What you need to do: Produce an exact transcription of every entry.

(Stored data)
(* With the notation of the context, let $\Sigma:=\sum_{j\in A}\sigma_j$. Then $\Sigma=\frac{|A|}{|G|^k}\sum_{x\in A^k}\sum_{w\in A}\eta^x_w\,|x,S^x_w\rangle\langle x,S^x_w|$, each $\sigma_d$ is a density operator, the pretty good measurement operators $\Sigma^{-1/2}\sigma_j\Sigma^{-1/2}$ (inverse on the support of $\Sigma$) equal $$E_j=\frac{1}{|A|}\sum_{x\in A^k}\sum_{w,v\in A}\chi_w(j)\overline{\chi_v(j)}\,|x,S^x_w\rangle\langle x,S^x_v|,$$ and for every $d\in A$, $$\mathrm{tr}(E_d\sigma_d)=\frac{p}{|G|^{k+1}}\sum_{x\in A^k}\Big(\sum_{w\in A}\sqrt{\eta^x_w}\Big)^2 .$$
   Context: $A$ finite abelian group, $p$ prime, $\varphi\in\mathrm{Aut}(A)$ with $\varphi^p=\mathrm{id}$, $|G|:=p|A|$, $k\ge1$. $\{\chi_x\}_{x\in A}$ are the characters of $A$ indexed so that $\chi_x\chi_{x'}=\chi_{x+x'}$ and $\chi_x(y)=\chi_y(x)$. For $b\in\mathbb{Z}_p$ (identified with $\{0,\dots,p-1\}$) let $\Phi_b:=\sum_{i=0}^{b-1}\varphi^i$ and let $\hat\Phi_b:A\to A$ be a function with $\chi_x(\Phi_b(d))=\chi_{\hat\Phi_b(x)}(d)$ for all $x,d\in A$. For $x\in A^k$, $b\in\mathbb{Z}_p^k$ put $\hat\Phi_b(x):=\sum_{j=1}^k\hat\Phi_{b_j}(x_j)$; $S^x_w:=\{b\in\mathbb{Z}_p^k:\hat\Phi_b(x)=w\}$, $\eta^x_w:=|S^x_w|$, $|S^x_w\rangle:=\eta_w^{x\,-1/2}\sum_{b\in S^x_w}|b\rangle$ (and $|S^x_w\rangle:=0$ if $\eta^x_w=0$), vectors in $\mathbb{C}^{A^k}\otimes\mathbb{C}^{\mathbb{Z}_p^k}$. For $d\in A$ define $\sigma_d:=\frac{1}{|G|^k}\sum_{x\in A^k}\sum_{w,v\in A}\chi_w(d)\overline{\chi_v(d)}\sqrt{\eta^x_w\eta^x_v}\,|x,S^x_w\rangle\langle x,S^x_v|$ (this is the Fourier-transformed $k$-copy hidden subgroup state for $\langle(d,1)\rangle$). *)

From HB Require Import structures.
From mathcomp Require Import all_boot all_order all_algebra algC.
Set Implicit Arguments.
Unset Strict Implicit.
Unset Printing Implicit Defensive.
Import Order.TTheory GRing.Theory Num.Theory Num.Def.
Local Open Scope ring_scope.

Definition adjmx (m n : nat) (M : 'M[algC]_(m, n)) : 'M[algC]_(n, m) :=
  (map_mx conjC M)^T.

Definition psdmx (n : nat) (M : 'M[algC]_n) : Prop :=
  adjmx M = M /\ forall u : 'cV[algC]_n, 0 <= (adjmx u *m M *m u) 0 0.

Definition density_op (n : nat) (M : 'M[algC]_n) : Prop :=
  psdmx M /\ \tr M = 1.

(* Sigma^{-1/2}, inverse on the support, via the spectral decomposition
   S = P^{-1} diag(D) P (P unitary) of the normal matrix S. *)
Definition inv_sqrt_supp (z : algC) : algC :=
  if z == 0 then 0 else (sqrtC z)^-1.
Definition pinv_sqrtmx (n : nat) (S : 'M[algC]_n) : 'M[algC]_n :=
  invmx (spectralmx S) *m diag_mx (map_mx inv_sqrt_supp (spectral_diag S))
    *m spectralmx S.
Lemma det_disc_neq0_on_segment (R : realType) n (A B : 'M[R[i]]_n.+1) (e : R) :
  det_disc B != 0 -> 0 < e ->
  exists2 t : R, 0 < t <= e & det_disc (t%:C *: B + (1 - t)%:C *: A) != 0.
Proof.
move=> B_neq0 e_gt0.
have n1_neq0 : n.+1%:R != 0 :> R[i] by rewrite pnatr_eq0.
have [Q QE] := det_disc_segment_poly A B n1_neq0.
have Q_neq0 : Q != 0.
  apply: contraNneq B_neq0 => Q0; have := QE 1.
  by rewrite Q0 horner0 subrr scale0r addr0 scale1r => <-.
have eC_gt0 : 0 < e%:C by rewrite ltcR.
have [z /andP[z_gt0 z_le] nonroot] := exists_nonroot_in_interval Q_neq0 eC_gt0.
have [t t_gt0 z_t] := gt0_real_complex z_gt0.
exists t; first by rewrite t_gt0 -lecR -z_t.
have -> : (1 - t)%:C = 1 - z by rewrite z_t rmorphB rmorph1.
by rewrite -z_t -QE; exact: nonroot.
Qed.

Unset Implicit Arguments.
Theorem theorem3p6 (R : realType) (n : nat) (Om : 'M[R[i]]_n -> Prop) :
  convex_mx Om ->
  (exists A : 'M[R[i]]_n, closure_mx Om A /\ A \in unitmx /\ distinct_eigs A) ->
  dense_in (Omega_s Om) Om.
Proof.
case: n Om => [|n] Om convOm [A0 [A0_cl [A0_unit A0_eigs]]] A OmA e e_gt0.
  exists A; split; last by rewrite /frob_norm big_ord0 sqrtr0.
  by split; [exact: OmA | rewrite unitmxE det_mx00 unitr1 | exists [::]].
have /det_disc_neq0_near[r r_gt0 near_A0] : det_disc A0 != 0.
  by rewrite det_disc_neq0 A0_unit; apply/separable_char_polyP.
have [B [OmB /near_A0 B_neq0]] := A0_cl r r_gt0.
set f := frob_norm (A - B); have f_ge0 : 0 <= f := frob_norm_ge0 _.
have f1_gt0 : 0 < f + 1 by rewrite ltr_wpDl.
have e'_gt0 : 0 < Num.min 1 (e / (f + 1)) by rewrite lt_min ltr01 divr_gt0.
have [t /andP[t_gt0]] := det_disc_neq0_on_segment A B_neq0 e'_gt0.
rewrite le_min => /andP[t_le1 t_le] Z_neq0.
exists (t%:C *: B + (1 - t)%:C *: A); split.
  move: Z_neq0; rewrite det_disc_neq0 => /andP[Z_unit /separable_char_polyP Z_eigs].
  split; [|exact: Z_unit|exact: Z_eigs].
  by apply: convOm => //; rewrite (ltW t_gt0) t_le1.
have -> : (1 - t)%:C = 1 - t%:C by rewrite rmorphB rmorph1.
rewrite subr_segment frob_normZ ?ltW // -/f.
apply: le_lt_trans (ler_wpM2r f_ge0 t_le) _.
by rewrite mulrAC ltr_pdivrMr // ltr_pM2l // ltrDl ltr01.
Qed.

Written response:
(* With the notation of the context, let $\Sigma:=\sum_{j\in A}\sigma_j$. Then $\Sigma=\frac{|A|}{|G|^k}\sum_{x\in A^k}\sum_{w\in A}\eta^x_w\,|x,S^x_w\rangle\langle x,S^x_w|$, each $\sigma_d$ is a density operator, the pretty good measurement operators $\Sigma^{-1/2}\sigma_j\Sigma^{-1/2}$ (inverse on the support of $\Sigma$) equal $$E_j=\frac{1}{|A|}\sum_{x\in A^k}\sum_{w,v\in A}\chi_w(j)\overline{\chi_v(j)}\,|x,S^x_w\rangle\langle x,S^x_v|,$$ and for every $d\in A$, $$\mathrm{tr}(E_d\sigma_d)=\frac{p}{|G|^{k+1}}\sum_{x\in A^k}\Big(\sum_{w\in A}\sqrt{\eta^x_w}\Big)^2 .$$
   Context: $A$ finite abelian group, $p$ prime, $\varphi\in\mathrm{Aut}(A)$ with $\varphi^p=\mathrm{id}$, $|G|:=p|A|$, $k\ge1$. $\{\chi_x\}_{x\in A}$ are the characters of $A$ indexed so that $\chi_x\chi_{x'}=\chi_{x+x'}$ and $\chi_x(y)=\chi_y(x)$. For $b\in\mathbb{Z}_p$ (identified with $\{0,\dots,p-1\}$) let $\Phi_b:=\sum_{i=0}^{b-1}\varphi^i$ and let $\hat\Phi_b:A\to A$ be a function with $\chi_x(\Phi_b(d))=\chi_{\hat\Phi_b(x)}(d)$ for all $x,d\in A$. For $x\in A^k$, $b\in\mathbb{Z}_p^k$ put $\hat\Phi_b(x):=\sum_{j=1}^k\hat\Phi_{b_j}(x_j)$; $S^x_w:=\{b\in\mathbb{Z}_p^k:\hat\Phi_b(x)=w\}$, $\eta^x_w:=|S^x_w|$, $|S^x_w\rangle:=\eta_w^{x\,-1/2}\sum_{b\in S^x_w}|b\rangle$ (and $|S^x_w\rangle:=0$ if $\eta^x_w=0$), vectors in $\mathbb{C}^{A^k}\otimes\mathbb{C}^{\mathbb{Z}_p^k}$. For $d\in A$ define $\sigma_d:=\frac{1}{|G|^k}\sum_{x\in A^k}\sum_{w,v\in A}\chi_w(d)\overline{\chi_v(d)}\sqrt{\eta^x_w\eta^x_v}\,|x,S^x_w\rangle\langle x,S^x_v|$ (this is the Fourier-transformed $k$-copy hidden subgroup state for $\langle(d,1)\rangle$). *)

From HB Require Import structures.
From mathcomp Require Import all_boot all_order all_algebra algC.
Set Implicit Arguments.
Unset Strict Implicit.
Unset Printing Implicit Defensive.
Import Order.TTheory GRing.Theory Num.Theory Num.Def.
Local Open Scope ring_scope.

Definition adjmx (m n : nat) (M : 'M[algC]_(m, n)) : 'M[algC]_(n, m) :=
  (map_mx conjC M)^T.

Definition psdmx (n : nat) (M : 'M[algC]_n) : Prop :=
  adjmx M = M /\ forall u : 'cV[algC]_n, 0 <= (adjmx u *m M *m u) 0 0.

Definition density_op (n : nat) (M : 'M[algC]_n) : Prop :=
  psdmx M /\ \tr M = 1.

(* Sigma^{-1/2}, inverse on the support, via the spectral decomposition
   S = P^{-1} diag(D) P (P unitary) of the normal matrix S. *)
Definition inv_sqrt_supp (z : algC) : algC :=
  if z == 0 then 0 else (sqrtC z)^-1.
Definition pinv_sqrtmx (n : nat) (S : 'M[algC]_n) : 'M[algC]_n :=
  invmx (spectralmx S) *m diag_mx (map_mx inv_sqrt_supp (spectral_diag S))
    *m spectralmx S.
Lemma det_disc_neq0_on_segment (R : realType) n (A B : 'M[R[i]]_n.+1) (e : R) :
  det_disc B != 0 -> 0 < e ->
  exists2 t : R, 0 < t <= e & det_disc (t%:C *: B + (1 - t)%:C *: A) != 0.
Proof.
move=> B_neq0 e_gt0.
have n1_neq0 : n.+1%:R != 0 :> R[i] by rewrite pnatr_eq0.
have [Q QE] := det_disc_segment_poly A B n1_neq0.
have Q_neq0 : Q != 0.
  apply: contraNneq B_neq0 => Q0; have := QE 1.
  by rewrite Q0 horner0 subrr scale0r addr0 scale1r => <-.
have eC_gt0 : 0 < e%:C by rewrite ltcR.
have [z /andP[z_gt0 z_le] nonroot] := exists_nonroot_in_interval Q_neq0 eC_gt0.
have [t t_gt0 z_t] := gt0_real_complex z_gt0.
exists t; first by rewrite t_gt0 -lecR -z_t.
have -> : (1 - t)%:C = 1 - z by rewrite z_t rmorphB rmorph1.
by rewrite -z_t -QE; exact: nonroot.
Qed.

Unset Implicit Arguments.
Theorem theorem3p6 (R : realType) (n : nat) (Om : 'M[R[i]]_n -> Prop) :
  convex_mx Om ->
  (exists A : 'M[R[i]]_n, closure_mx Om A /\ A \in unitmx /\ distinct_eigs A) ->
  dense_in (Omega_s Om) Om.
Proof.
case: n Om => [|n] Om convOm [A0 [A0_cl [A0_unit A0_eigs]]] A OmA e e_gt0.
  exists A; split; last by rewrite /frob_norm big_ord0 sqrtr0.
  by split; [exact: OmA | rewrite unitmxE det_mx00 unitr1 | exists [::]].
have /det_disc_neq0_near[r r_gt0 near_A0] : det_disc A0 != 0.
  by rewrite det_disc_neq0 A0_unit; apply/separable_char_polyP.
have [B [OmB /near_A0 B_neq0]] := A0_cl r r_gt0.
set f := frob_norm (A - B); have f_ge0 : 0 <= f := frob_norm_ge0 _.
have f1_gt0 : 0 < f + 1 by rewrite ltr_wpDl.
have e'_gt0 : 0 < Num.min 1 (e / (f + 1)) by rewrite lt_min ltr01 divr_gt0.
have [t /andP[t_gt0]] := det_disc_neq0_on_segment A B_neq0 e'_gt0.
rewrite le_min => /andP[t_le1 t_le] Z_neq0.
exists (t%:C *: B + (1 - t)%:C *: A); split.
  move: Z_neq0; rewrite det_disc_neq0 => /andP[Z_unit /separable_char_polyP Z_eigs].
  split; [|exact: Z_unit|exact: Z_eigs].
  by apply: convOm => //; rewrite (ltW t_gt0) t_le1.
have -> : (1 - t)%:C = 1 - t%:C by rewrite rmorphB rmorph1.
rewrite subr_segment frob_normZ ?ltW // -/f.
apply: le_lt_trans (ler_wpM2r f_ge0 t_le) _.
by rewrite mulrAC ltr_pdivrMr // ltr_pM2l // ltrDl ltr01.
Qed.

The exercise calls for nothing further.